Resposta em forma de carta
À proposição de criar uma ordem de psicanalistas

Meu caro Leclaire,

Permito-me felicitá-lo por sua preocupação: evitar que uma legislação européia imponha aos psicanalistas seu modo de qualificação, de organização e finalmente sua prática. A constituição ao cuidado dela de uma ordem encarregada destas responsabilidades poderia ser a melhor demonstração da harmonização autoritária das legislações que se anunciariam.

O texto entretanto apela ressalvas que, a título de contribuição, desejo trazer.

A primeira concerne ao que se nomeia, "a extraterritorialidade" da qual se beneficiariam até hoje os psicanalistas e isto sem serem advertidos de seu próximo fim. Na realidade, é evidente que os psicanalistas são cidadãos como os outros e com os quais compartilham responsabilidades. Assim, por exemplo, não escapam à confrontação com a justiça diante da qual queixas são depositadas contra eles e podem prejudicá-los, os juízes, cidadãos não menos informados e cultos, deram regularmente prova em relação a eles de tato na medida da especificidade da prática colocada em causa na ocasião. Pode-se dizer assim que os psicanalistas fazem parte integrante da Cidade e que esta, liberal, os trata com uma justa discrição.

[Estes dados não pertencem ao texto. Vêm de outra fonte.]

Lemma is_derive_profile d s : is_derive (profile d) s
  (Derive step s * step (d * ln ((1 + s ^ 2) / 2))
   + step s * Derive step (d * ln ((1 + s ^ 2) / 2)) * (2 * d * s / (1 + s ^ 2))).
Proof.
unfold profile.
pose proof (ex_derive_step s); pose proof (ex_derive_step (d * ln ((1 + s ^ 2) / 2))).
auto_derive; [repeat split; auto; simpl; nra|].
change (fun t => step t) with step; unfold Rdiv; simpl; field; nra.
Qed.

Lemma Derive_step_mul_step_log d s : 0 <= d -> 0 <= s ->
  Derive step s * step (d * ln ((1 + s ^ 2) / 2)) = 0.
Proof.
intros d_ge0 s_ge0; destruct (Rle_dec s 1).
- rewrite step_le0; [ring|].
  pose proof (ln_half_1_plus_sqr_le0 s ltac:(lra)); nra.
- rewrite Derive_step_out by lra; ring.
Qed.

Lemma Derive_profile_bound :
  exists M, forall d s, 0 <= d -> 0 <= s -> Rabs (Derive (profile d) s) * s <= 2 * d * M.
Proof.
destruct Derive_step_bounded as [M HM]; exists M; intros d s d_ge0 s_ge0.
rewrite (is_derive_unique _ _ _ (is_derive_profile d s)), Derive_step_mul_step_log by auto.
rewrite Rplus_0_l.
set (w := Derive step _); specialize (HM (d * ln ((1 + s ^ 2) / 2))); fold w in HM.
set (c := 2 * d * s / (1 + s ^ 2)).
assert (c_ge0 : 0 <= c) by (apply Rdiv_le_0_compat; simpl; nra).
assert (cs_le : c * s <= 2 * d).
{ replace (c * s) with (2 * d * (s * s / (1 + s ^ 2))) by (unfold c; field; simpl; nra).
  rewrite <- (Rmult_1_r (2 * d)) at 2; apply Rmult_le_compat_l; [lra|].
  apply Rmult_le_reg_r with (1 + s ^ 2); [simpl; nra|].
  unfold Rdiv; rewrite Rmult_assoc, Rinv_l; simpl; nra. }
pose proof (step_range s); pose proof (Rabs_pos w).
rewrite !Rabs_mult, (Rabs_pos_eq (step s)), (Rabs_pos_eq c) by lra.
assert (0 <= step s * Rabs w <= M) by nra.
replace (step s * Rabs w * c * s) with (step s * Rabs w * (c * s)) by ring.
nra.
Qed.

Lemma chi_range d x : 0 <= chi d x <= 1.
Proof. unfold chi; pose proof (profile_range d (x * exp (/ d))); lra. Qed.

Lemma chi_eq1 d x : 0 <= d -> x * exp (/ d) <= 1 -> chi d x = 1.
Proof. intros; unfold chi; rewrite profile_le1; auto; ring. Qed.

Lemma chi_eq0 d x : 0 < d -> 1 <= x * exp (/ d) -> 2 <= x ^ 2 * exp (/ d) -> chi d x = 0.
Proof.
intros d_gt0 H1 H2; unfold chi; rewrite profile_eq1; auto; [ring|].
pose proof (exp_pos (/ d)); simpl in *; nra.
Qed.

Lemma chi_decreasing d x y : 0 < d -> x <= y -> chi d y <= chi d x.
Proof.
intros d_gt0 x_le_y; unfold chi; pose proof (exp_pos (/ d)).
pose proof (profile_le d (x * exp (/ d)) (y * exp (/ d)) ltac:(lra) ltac:(nra)); lra.
Qed.

Lemma Cn_chi n d : Cn n (chi d).
Proof.
unfold chi, profile; apply Cn_minus; [apply Cn_const|].
assert (Cs : Cn n (fun x => x * exp (/ d))) by (apply Cn_mult; [apply Cn_id | apply Cn_const]).
apply Cn_mult; [apply Cn_comp with (g := step); auto; apply Cn_step|].
apply Cn_comp with (g := step); [|apply Cn_step].
apply Cn_scal, Cn_ln; [intros; simpl; nra|].
apply Cn_ext with (fun x => (1 + x * exp (/ d) * (x * exp (/ d))) * / 2); [intros; simpl; field|].
apply Cn_mult; [apply Cn_plus; [apply Cn_const | apply Cn_mult; auto] | apply Cn_const].
Qed.

Lemma Derive_chi_bound :
  exists M, forall d x, 0 < d -> 0 <= x -> Rabs (Derive (chi d) x) * x <= 2 * d * M.
Proof.
destruct Derive_profile_bound as [M HM]; exists M; intros d x d_gt0 x_ge0.
set (E := exp (/ d)); assert (E_gt0 : 0 < E) by apply exp_pos.
assert (Dchi : Derive (chi d) x = - (E * Derive (profile d) (x * E))).
{ apply is_derive_unique; unfold chi.
  assert (ex_derive (profile d) (x * E)) by (eexists; apply is_derive_profile).
  auto_derive; auto.
  change (fun t => profile d t) with (profile d); fold E; ring. }
rewrite Dchi, Rabs_Ropp, Rabs_mult, Rabs_pos_eq by lra.
specialize (HM d (x * E) ltac:(lra) ltac:(nra)); lra.
Qed.

Lemma continuous_comp_ex_derive {U : UniformSpace} (f : U -> R) (h : R -> R) p :
  continuous f p -> ex_derive h (f p) -> continuous (fun q => h (f q)) p.
Proof.
intros Cf Dh; apply (continuous_comp f h p Cf).
exact (ex_derive_continuous (K := R_AbsRing) (V := R_NormedModule) h (f p) Dh).
Qed.

Lemma chi_continuous d x : 0 < d ->
  continuous (fun p : R * R => chi (fst p) (snd p)) (d, x).
Proof.
intros d_gt0; unfold chi, profile.
set (s := fun p : R * R => snd p * exp (/ fst p)).
assert (Cs : continuous s (d, x)).
{ apply (continuous_mult (K := R_AbsRing)); [apply continuous_snd|].
  apply continuous_comp_ex_derive with (h := exp) (f := fun p : R * R => / fst p);
    [|auto_derive; auto].
  apply continuous_comp_ex_derive with (h := Rinv) (f := fun p : R * R => fst p);
    [apply continuous_fst | simpl; auto_derive; lra]. }
apply (continuous_minus (V := R_NormedModule)); [apply continuous_const|].
apply (continuous_mult (K := R_AbsRing));
  (apply continuous_comp_ex_derive with (h := step); [|apply ex_derive_step]); auto.
apply (continuous_mult (K := R_AbsRing)); [apply continuous_fst|].
apply continuous_comp_ex_derive with (h := fun z => ln ((1 + z ^ 2) / 2)) (f := s); auto.
auto_derive; simpl; nra.
Qed.

Lemma sin_ge_third x : 0 <= x <= 2 -> x / 3 <= sin x.
Proof.
intros; destruct (pre_sin_bound x 0 ltac:(lra) ltac:(lra)) as [sin_ge _].
eapply Rle_trans; [|apply sin_ge].
unfold sin_approx, sin_term; simpl; nra.
Qed.

Lemma Rabs_ratio_le f K r :
  (forall x, continuous (Derive f) x) ->
  (forall x, 0 <= x -> Rabs (Derive f x) * x <= K) ->
  0 < r < PI / 2 ->
  Rabs (RInt (fun x => - Derive f x * sin x) 0 r / sin r) <= 3 * K.
Proof.
intros CDf HK r_range; pose proof PI_4.
assert (sin_r : r / 3 <= sin r) by (apply sin_ge_third; lra).
assert (int_le : Rabs (RInt (fun x => - Derive f x * sin x) 0 r) <= (r - 0) * K).
{ apply abs_RInt_le_const; [lra| |].
  - apply (ex_RInt_continuous (V := R_CompleteNormedModule)); intros z _.
    apply (continuous_mult (K := R_AbsRing)).
    + apply (continuous_opp (V := R_NormedModule)), CDf.
    + apply continuous_comp_ex_derive with (f := fun t => t); [apply continuous_id|].
      auto_derive; auto.
  - intros t t_range; rewrite Rabs_mult, Rabs_Ropp.
    assert (0 <= sin t <= t).
    { split; [apply sin_ge_0; lra|].
      destruct (Req_dec t 0) as [-> | t_neq0]; [rewrite sin_0; lra|].
      left; apply sin_lt_x; lra. }
    rewrite (Rabs_pos_eq (sin t)) by lra.
    specialize (HK t ltac:(lra)); pose proof (Rabs_pos (Derive f t)); nra. }
pose proof (HK 0 (Rle_refl 0)) as K_ge0; rewrite Rmult_0_r in K_ge0.
unfold Rdiv; rewrite Rabs_mult, Rabs_inv, (Rabs_pos_eq (sin r)) by lra.
apply Rmult_le_reg_r with (sin r); [lra|].
rewrite Rmult_assoc, Rinv_l by lra; nra.
Qed.

Lemma Lub_Rbar_abs_le (E : R -> Prop) K y0 :
  E y0 -> (forall y, E y -> Rabs y <= K) ->
  exists z, Lub_Rbar E = Finite z /\ Rabs z <= K.
Proof.
intros Ey0 HK; destruct (Lub_Rbar_correct E) as [ub lub].
assert (le_K : Rbar_le (Lub_Rbar E) K).
{ apply lub; intros y Ey; specialize (HK y Ey); simpl.
  apply Rabs_le_between in HK; lra. }
pose proof (ub y0 Ey0) as ge_y0; pose proof (HK y0 Ey0) as y0_le.
apply Rabs_le_between in y0_le.
destruct (Lub_Rbar E) as [z | |]; simpl in *; try contradiction.
exists z; split; auto; apply Rabs_le_between; lra.
Qed.

Lemma sup_ratio_abs_le f K :
  (forall x, continuous (Derive f) x) ->
  (forall x, 0 <= x -> Rabs (Derive f x) * x <= K) ->
  exists z, sup_ratio f = Finite z /\ Rabs z <= 3 * K.
Proof.
intros CDf HK; unfold sup_ratio.
apply Lub_Rbar_abs_le with (RInt (fun x => - Derive f x * sin x) 0 1 / sin 1).
- exists 1; split; auto; pose proof PI2_3_2; lra.
- intros y [r [r_range ->]]; apply Rabs_ratio_le; auto.
Qed.

Lemma filterlim_at_right_0_linear_bound (u : R -> Rbar) C :
  (forall d, 0 < d -> exists z, u d = Finite z /\ Rabs z <= C * d) ->
  filterlim u (at_right 0) (Rbar_locally 0).
Proof.
intros Hu P [eps HP].
assert (delta_gt0 : 0 < eps / (Rabs C + 1)).
{ apply Rdiv_lt_0_compat; [apply cond_pos | pose proof (Rabs_pos C); lra]. }
exists (mkposreal _ delta_gt0); intros d d_small d_gt0; simpl in d_small.
change (Rabs (d - 0) < eps / (Rabs C + 1)) in d_small.
rewrite Rminus_0_r, Rabs_pos_eq in d_small by lra.
destruct (Hu d d_gt0) as [z [-> z_le]]; apply HP.
change (Rabs (z - 0) < eps); rewrite Rminus_0_r.
assert (d * (Rabs C + 1) < eps).
{ apply Rmult_lt_reg_r with (/ (Rabs C + 1)); [pose proof (Rabs_pos C); apply Rinv_0_lt_compat; lra|].
  rewrite Rmult_assoc, Rinv_r by (pose proof (Rabs_pos C); lra); lra. }
pose proof (Rle_abs C); nra.
Qed.

Lemma chi_plateaus d : 0 < d <= 1 -> exists eta, 0 < eta /\
  (forall x, x < eta -> chi d x = 1) /\ (forall x, PI / 2 - eta < x -> chi d x = 0).
Proof.
intros d_range; set (E := exp (/ d)).
assert (E_ge2 : 2 <= E).
{ assert (1 <= / d) by (rewrite <- Rinv_1; apply Rinv_le_contravar; lra).
  pose proof (exp_ineq1_le (/ d)); unfold E; lra. }
assert (invE_lt : / E <= 1 / 2).
{ apply Rmult_le_reg_r with E; [lra|]; rewrite Rinv_l; lra. }
exists (/ E); split; [apply Rinv_0_lt_compat; lra|split]; intros x Hx.
- apply chi_eq1; [lra|]; fold E.
  apply Rmult_lt_compat_r with (r := E) in Hx; [|lra].
  rewrite Rinv_l in Hx; lra.
- pose proof PI2_3_2; apply chi_eq0; fold E; simpl; nra.
Qed.

Lemma chi_eventually_ind_nonpos x : at_right 0 (fun d => chi d x = ind_nonpos x).
Proof.
unfold ind_nonpos; destruct (Rle_dec x 0) as [x_le0 | x_gt0].
{ exists (mkposreal 1 Rlt_0_1); intros d _ d_gt0.
  apply chi_eq1; pose proof (exp_pos (/ d)); nra. }
assert (delta_gt0 : 0 < Rmin x (x ^ 2 / 2)) by (apply Rmin_case; simpl; nra).
exists (mkposreal _ delta_gt0); intros d d_small d_gt0; simpl in d_small.
change (Rabs (d - 0) < Rmin x (x ^ 2 / 2)) in d_small.
rewrite Rminus_0_r, Rabs_pos_eq in d_small by lra.
pose proof (Rlt_le_trans _ _ _ d_small (Rmin_l _ _)).
pose proof (Rlt_le_trans _ _ _ d_small (Rmin_r _ _)).
assert (inv_lt_E : / d < exp (/ d)) by (pose proof (exp_ineq1_le (/ d)); lra).
assert (d_invd : d * / d = 1) by (field; lra).
assert (0 < / d) by (apply Rinv_0_lt_compat; lra).
apply chi_eq0; simpl in *; auto; nra.
Qed.

Theorem lemma3p2 :
  exists chi : R -> R -> R,
    (* smooth, with values in [0,1] *)
    (forall d, 0 < d <= 1 -> forall (n : nat) (x : R), ex_derive_n (chi d) n x) /\
    (forall d, 0 < d <= 1 -> forall x, 0 <= chi d x <= 1) /\
    (* depends continuously on d: (d,x) |-> chi d x is continuous on (0,1] x R *)
    (forall d x, 0 < d <= 1 ->
       filterlim (fun p : R * R => chi (fst p) (snd p))
         (within (fun p : R * R => 0 < fst p <= 1) (locally (d, x)))
         (locally (chi d x))) /\
    (* (i) decreasing *)
    (forall d, 0 < d <= 1 -> forall x y, x <= y -> chi d y <= chi d x) /\
    (* (ii) *)
    (forall d, 0 < d <= 1 -> exists eta, 0 < eta /\
       (forall x, x < eta -> chi d x = 1) /\
       (forall x, PI / 2 - eta < x -> chi d x = 0)) /\
    (* (iii) pointwise convergence to 1_{x <= 0} as d -> 0+ *)
    (forall x, filterlim (fun d => chi d x) (at_right 0) (locally (ind_nonpos x))) /\
    (* (iv) *)
    filterlim (fun d => sup_ratio (chi d)) (at_right 0) (Rbar_locally (Finite 0)).
Proof.
exists chi; split; [|split; [|split; [|split; [|split; [|split]]]]].
- intros d _ n; apply Cn_ex_derive_n, Cn_chi.
- intros d _; apply chi_range.
- intros d x [d_gt0 _].
  apply (filterlim_filter_le_1 (F := locally (d, x))); [apply filter_le_within|].
  apply chi_continuous; auto.
- intros d [d_gt0 _] x y; apply chi_decreasing; auto.
- apply chi_plateaus.
- intros x; apply (filterlim_ext_loc (fun _ => ind_nonpos x)); [|apply filterlim_const].
  apply (filter_imp _ _ (fun d E => eq_sym E)), chi_eventually_ind_nonpos.
- destruct Derive_chi_bound as [M HM].
  apply filterlim_at_right_0_linear_bound with (C := 6 * M); intros d d_gt0.
  replace (6 * M * d) with (3 * (2 * d * M)) by ring.
  apply sup_ratio_abs_le; [apply Cn_continuous_Derive, Cn_chi | intros; apply HM; auto].
Qed.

Não conheço em todo caso psicanalista mártir.

Em revanche, é claro que sua prática se deve à extraterritorialidade; visto que a tarefa da Cidade é de fixar o contrato que regula as trocas entre cidadãos e que lhes garante uma justa retribuição, enquanto que o tratamento é o lugar para o sujeito colocar em causa todos os seus contratos, inclusive em relação ao analista. Tal questionamento é a condição de um acesso pelo sujeito ao contrato mais próprio com o seu desejo.

É por isto que uma legislação da prática - sua formalização contratual - não deixa de entravar e tornar o analista estúpido ou delinqüente quando não favorece a perversão. Isto vale também para a legislação escrita pelos próprios analistas e que não poderia ser melhor que qualquer outra. Ora, a dificuldade provocada por seu texto é que - Ordem de Psicanalistas obriga - se é levado a dizer o que seria a verdade sobre a psicanálise e sobre os psicanalistas: o trabalho do inconsciente não é então mais possível senão à margem das recomendações, boas ou não, que são prescritas e a análise da transferência, da contra-transferência, as supervisões tornam-se simples álibis, uma conformidade que não engaja. Você sabe bem que não digo aqui nada de original e que contrarie nossa experiência.

Isto quer dizer que não está em poder de ninguém dizer o que é a psicanálise: já que de chofre seria outra. Lacan era mais modesto mas preciso quando dizia que uma psicanálise é o que se espera de um psicanalista.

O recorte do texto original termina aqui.